Everyone around the table looked shocked and disgusted, except Anna. ‘He sounds terribly unhappy,’ she said.

Legrand nodded. ‘Yes, I believe he probably is,’ he agreed.

‘But why would anyone want to…mutilate themselves, Edouard?’ asked Angélique, wrinkling her nose. ‘Such an awful thing to do.’

‘Rheinfeld displays stereotypic behaviour,’ Legrand replied. ‘That is to say, he suffers from what we call an obsessive-compulsive disorder. It can be triggered by chronic stress and frustration. In his case, we think that the mental disorder was caused by his years of fruitless searching for something.’

‘What was he searching for?’ Anna asked.

Legrand shrugged. ‘We don’t really know for sure. He seems to believe he was on some form of quest for buried treasure, lost secrets, that sort of thing. It’s a common mania among the mentally ill.’ He smiled. ‘We’ve had a number of other intrepid treasure hunters in our care over the years. As well as our share of Jesus Christs, Napoleon Buonapartes and Adolf Hitlers. I’m afraid they’re often not very imaginative in their choice of delusions.’

‘A lost treasure,’ Anna said, half to herself. ‘And you say he was found not far from here…’ Her voice trailed off in reflection.

‘Can nothing be done to help him, Edouard?’ asked Angélique.

Legrand shook his head. ‘We’ve tried. When he first came to us, he received psychoanalysis and occupational therapy. For the first few months he appeared to respond to treatment. He was given a notebook to record his dreams. But then we discovered that he was filling its pages with insane babble. Over a period of time, his mental state deteriorated and he began to self-mutilate again. We had to take away his writing implements and increase his medication. Since then, I’m afraid to say, he’s descended deeper and deeper into what I can only describe as madness.’

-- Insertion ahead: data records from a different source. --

Lemma prod_subr_decrease_antitone n x y d :
  (forall l, 0 <= x l) -> (forall l, x l <= y l) ->
  (forall l, 0 <= d l) -> (forall l, y l + d l <= 1) ->
  \prod_(l < n) (1 - y l) - \prod_(l < n) (1 - (y l + d l)) <=
  \prod_(l < n) (1 - x l) - \prod_(l < n) (1 - (x l + d l)).
Proof.
elim: n x y d => [|n IH] x y d x0 xy d0 yd1; first by rewrite !big_ord0 !subrr.
have yyd l : y l <= y l + d l by rewrite lerDl.
have := IH (fun l => x l.+1) (fun l => y l.+1) (fun l => d l.+1)
  (fun l => x0 l.+1) (fun l => xy l.+1) (fun l => d0 l.+1) (fun l => yd1 l.+1).
have := @prod_subr_antitone n (fun l => y l.+1) (fun l => y l.+1 + d l.+1)
  (fun l => yyd l.+1) (fun l => yd1 l.+1).
have := @prod_subr_antitone n (fun l => x l.+1 + d l.+1)
  (fun l => y l.+1 + d l.+1) (fun l => lerD (xy l.+1) (lexx _)) (fun l => yd1 l.+1).
have := @prod_subr_ge0 n (fun l => y l.+1 + d l.+1) (fun l => yd1 l.+1).
rewrite !big_ord_recl /=.
set Qx := \prod_(i < n) (1 - x i.+1); set Qy := \prod_(i < n) (1 - y i.+1).
set Qxd := \prod_(i < n) (1 - (x i.+1 + d i.+1)).
set Qyd := \prod_(i < n) (1 - (y i.+1 + d i.+1)).
move=> Qyd0 Qyd_le_Qxd Qyd_le_Qy dQ.
have := x0 0; have := xy 0; have := d0 0; have := yd1 0; move=> ? ? ? ?.
(* (1 - x0) Q x - (1 - x0 - d0) Q (x + d) = (1 - x0) (Q x - Q (x + d)) + d0 Q (x + d) *)
have p1 : 0 <= (y 0 - x 0) * (Qy - Qyd) by apply: mulr_ge0; lra.
have p2 : 0 <= (1 - x 0) * ((Qx - Qxd) - (Qy - Qyd)) by apply: mulr_ge0; lra.
have p3 : 0 <= d 0 * (Qxd - Qyd) by apply: mulr_ge0; lra.
nra.
Qed.

End ComplementProducts.

Section Network.
Variables (R : realType) (V C : finType) (S : C -> {set V}) (nh : C -> V -> V)
  (r : V -> C -> R).
Hypothesis r_ge0 : forall v k, 0 <= r v k.

Local Notation I := (Idx V C S).
Local Notation inbox := (inbox R I).
Local Notation vle := (vle R I).
Local Notation addcoord := (addcoord R I).
Local Notation yzero := (yzero R V C S).
Local Notation yext := (yext R V C S).
Local Notation flow := (flow R V C S nh r).
Local Notation Ftot := (Ftot R V C S nh r).

Lemma vle_addcoord (a : I -> R) m eps : 0 <= eps -> vle a (addcoord a m eps).
Proof. by move=> eps0 m'; rewrite /addcoord lerDl; case: eqP. Qed.

Lemma vle_addcoord2 (a b : I -> R) m eps :
  vle a b -> vle (addcoord a m eps) (addcoord b m eps).
Proof. by move=> ab m'; rewrite /addcoord lerD2r. Qed.

Lemma yext_box (y : I -> R) k i : inbox y -> 0 <= yext y k i <= 1.
Proof. by rewrite /yext => hy; case: insub => [m|] //; rewrite lexx ler01. Qed.

Lemma yext_le (a b : I -> R) k i : vle a b -> yext a k i <= yext b k i.
Proof. by rewrite /yext => ab; case: insub. Qed.

Lemma yext_addcoord (y : I -> R) m eps k i :
  yext (addcoord y m eps) k i = yext y k i + yext (addcoord yzero m eps) k i.
Proof. by rewrite /yext /addcoord /yzero; case: insub => [m'|]; rewrite ?addr0 ?add0r. Qed.

Lemma yext_addcoord_ge0 m eps k i : 0 <= eps -> 0 <= yext (addcoord yzero m eps) k i.
Proof.
by rewrite /yext /addcoord /yzero => eps0; case: insub => [m'|] //; rewrite add0r; case: eqP.
Qed.

Lemma flow_ge0 (y : I -> R) j i k : inbox y -> 0 <= flow y j i k.
Proof.
move=> hy; apply: sumr_ge0 => v _; case: ifP => // _.
apply: mulr_ge0 => //.
apply: (@prod_subr_ge0 R _ (fun l => yext y k (nth v (pth V C S nh k v) l))) => l.
by case/andP: (yext_box k (nth v (pth V C S nh k v) l) hy).
Qed.

Lemma flow_antitone (a b : I -> R) j i k : inbox b -> vle a b -> flow b j i k <= flow a j i k.
Proof.
move=> hb ab; apply: ler_sum => v _; case: ifP => // _.
apply: ler_wpM2l => //.
apply: (@prod_subr_antitone R _ (fun l => yext a k (nth v (pth V C S nh k v) l))
  (fun l => yext b k (nth v (pth V C S nh k v) l))) => l; first exact: yext_le.
by case/andP: (yext_box k (nth v (pth V C S nh k v) l) hb).
Qed.

Lemma flow_decrease_antitone (a b : I -> R) m eps j i k :
  inbox a -> vle a b -> 0 <= eps -> inbox (addcoord b m eps) ->
  flow b j i k - flow (addcoord b m eps) j i k <= flow a j i k - flow (addcoord a m eps) j i k.
Proof.
move=> ha ab eps0 hb'; rewrite /flow -!sumrB; apply: ler_sum => v _.
case: ifP => _; last by rewrite !subrr.
rewrite -!mulrBr; apply: ler_wpM2l => //.
set p := pth V C S nh k v; set d := yext (addcoord yzero m eps) k.
have shift (y : I -> R) :
    \prod_(l < (index i p).+1) (1 - yext (addcoord y m eps) k (nth v p l))
    = \prod_(l < (index i p).+1) (1 - (yext y k (nth v p l) + d (nth v p l))).
  by apply: eq_bigr => l _; rewrite yext_addcoord.
rewrite !shift; apply: (@prod_subr_decrease_antitone R _ (fun l => yext a k (nth v p l))
  (fun l => yext b k (nth v p l)) (fun l => d (nth v p l))) => l.
- by case/andP: (yext_box k (nth v p l) ha).
- exact: yext_le.
- exact: yext_addcoord_ge0.
- by rewrite -yext_addcoord; case/andP: (yext_box k (nth v p l) hb').
Qed.

Lemma Ftot_ge0 (y : I -> R) j i : inbox y -> 0 <= Ftot y j i.
Proof. by move=> hy; apply: sumr_ge0 => k _; apply: flow_ge0. Qed.

Lemma Ftot_antitone (a b : I -> R) j i : inbox b -> vle a b -> Ftot b j i <= Ftot a j i.
Proof. by move=> hb ab; apply: ler_sum => k _; apply: flow_antitone. Qed.

Lemma Ftot_decrease_antitone (a b : I -> R) m eps j i :
  inbox a -> vle a b -> 0 <= eps -> inbox (addcoord b m eps) ->
  Ftot b j i - Ftot (addcoord b m eps) j i <= Ftot a j i - Ftot (addcoord a m eps) j i.
Proof.
by move=> *; rewrite /Ftot -!sumrB; apply: ler_sum => k _; apply: flow_decrease_antitone.
Qed.

Variables (E : rel V) (D : V -> V -> R -> R) (Bc : V -> R -> R).
Hypothesis D_cost : forall i j, E i j -> cost_fun R (D i j).
Hypothesis B_cost : forall i, cost_fun R (Bc i).

Local Notation Tcost := (Tcost R V C E S nh r D).
Local Notation Ycache := (Ycache R V C S).

Lemma Tcost_antitone (a b : I -> R) : inbox b -> vle a b -> Tcost b <= Tcost a.
Proof.
move=> hb ab; apply: ler_sum => e /D_cost[_ D_incr _ _].
by apply: D_incr; [exact: Ftot_ge0 | exact: Ftot_antitone].
Qed.

Lemma Tcost_decrease_antitone (a b : I -> R) m eps :
  inbox a -> vle a b -> 0 <= eps -> inbox (addcoord b m eps) ->
  Tcost b - Tcost (addcoord b m eps) <= Tcost a - Tcost (addcoord a m eps).
Proof.
move=> ha ab eps0 hb'; rewrite /Tcost -!sumrB; apply: ler_sum => e /D_cost De.
set Fb' := Ftot (addcoord b m eps) e.1 e.2; set Fa' := Ftot (addcoord a m eps) e.1 e.2.
have := @cost_fun_increment_le R _ De Fb' Fa' (Ftot b e.1 e.2 - Fb') (Ftot a e.1 e.2 - Fa').
rewrite !subrKC; apply.
- exact: Ftot_ge0.
- exact/Ftot_antitone/vle_addcoord2.
- by rewrite subr_ge0; apply/Ftot_antitone/vle_addcoord.
- exact: Ftot_decrease_antitone.
Qed.

Lemma Ycache_ge0 (y : I -> R) i : inbox y -> 0 <= Ycache y i.
Proof. by move=> hy; apply: sumr_ge0 => m _; case/andP: (hy m). Qed.

Lemma Ycache_convex_comb (a b : I -> R) t i :
  Ycache (fun m => t * a m + (1 - t) * b m) i = t * Ycache a i + (1 - t) * Ycache b i.
Proof. by rewrite /Ycache big_split /= -!mulr_sumr. Qed.

Lemma Bobj_convex : convex_on_box R I (Bobj R V C S Bc).
Proof.
move=> a b t ha hb t0 t1; rewrite /Bobj !mulr_sumr -big_split /=.
apply: ler_sum => i _; rewrite Ycache_convex_comb.
by case: (B_cost i) => _ _ B_cvx _; apply: B_cvx => //; exact: Ycache_ge0.
Qed.

End Network.

Unset Implicit Arguments.

Theorem lemma1 (R : realType) (V C : finType) (E : rel V)
  (S : C -> {set V}) (nh : C -> V -> V) (r : V -> C -> R)
  (D : V -> V -> R -> R) (Bc : V -> R -> R)
  (hEsym : forall i j, E i j -> E j i)
  (hSne : forall k, S k != finset.set0)
  (hr : forall v k, 0 <= r v k)
  (hnh : forall k i, i \notin S k -> E i (nh k i))
  (hpath_end : forall k v, last v (pth V C S nh k v) \in S k)
  (hpath_loopfree : forall k v, uniq (pth V C S nh k v))
  (hD : forall i j, E i j -> cost_fun R (D i j))
  (hB : forall i, cost_fun R (Bc i)) :
  [/\ nonneg_on_box R (Idx V C S) (Aobj R V C E S nh r D),
      nondecr_on_box R (Idx V C S) (Aobj R V C E S nh r D),
      DR_submodular R (Idx V C S) (Aobj R V C E S nh r D)
    & convex_on_box R (Idx V C S) (Bobj R V C S Bc)].
Proof.
have T_antitone := Tcost_antitone nh hr hD.
split; rewrite /Aobj.
- move=> y hy; rewrite subr_ge0; apply: T_antitone => // m.
  by case/andP: (hy m).
- by move=> a b _ hb ab; rewrite lerD2l lerN2; apply: T_antitone.
- move=> a b ha _ ab m eps eps0 _ hb'.
  have := Tcost_decrease_antitone nh hr hD ha ab eps0 hb'; lra.
- exact: Bobj_convex hB.
Qed.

‘What a terrible pity,’ Anna breathed.

Legrand turned to her with a charming smile. ‘In any case you would be more than welcome to have a tour of our little establishment, Anna. And if it could help you gain inspiration for your book, I could arrange for you to meet Rheinfeld in person–under supervision of course. Nobody ever comes to see him. You never know, it might do him good to have a visitor.’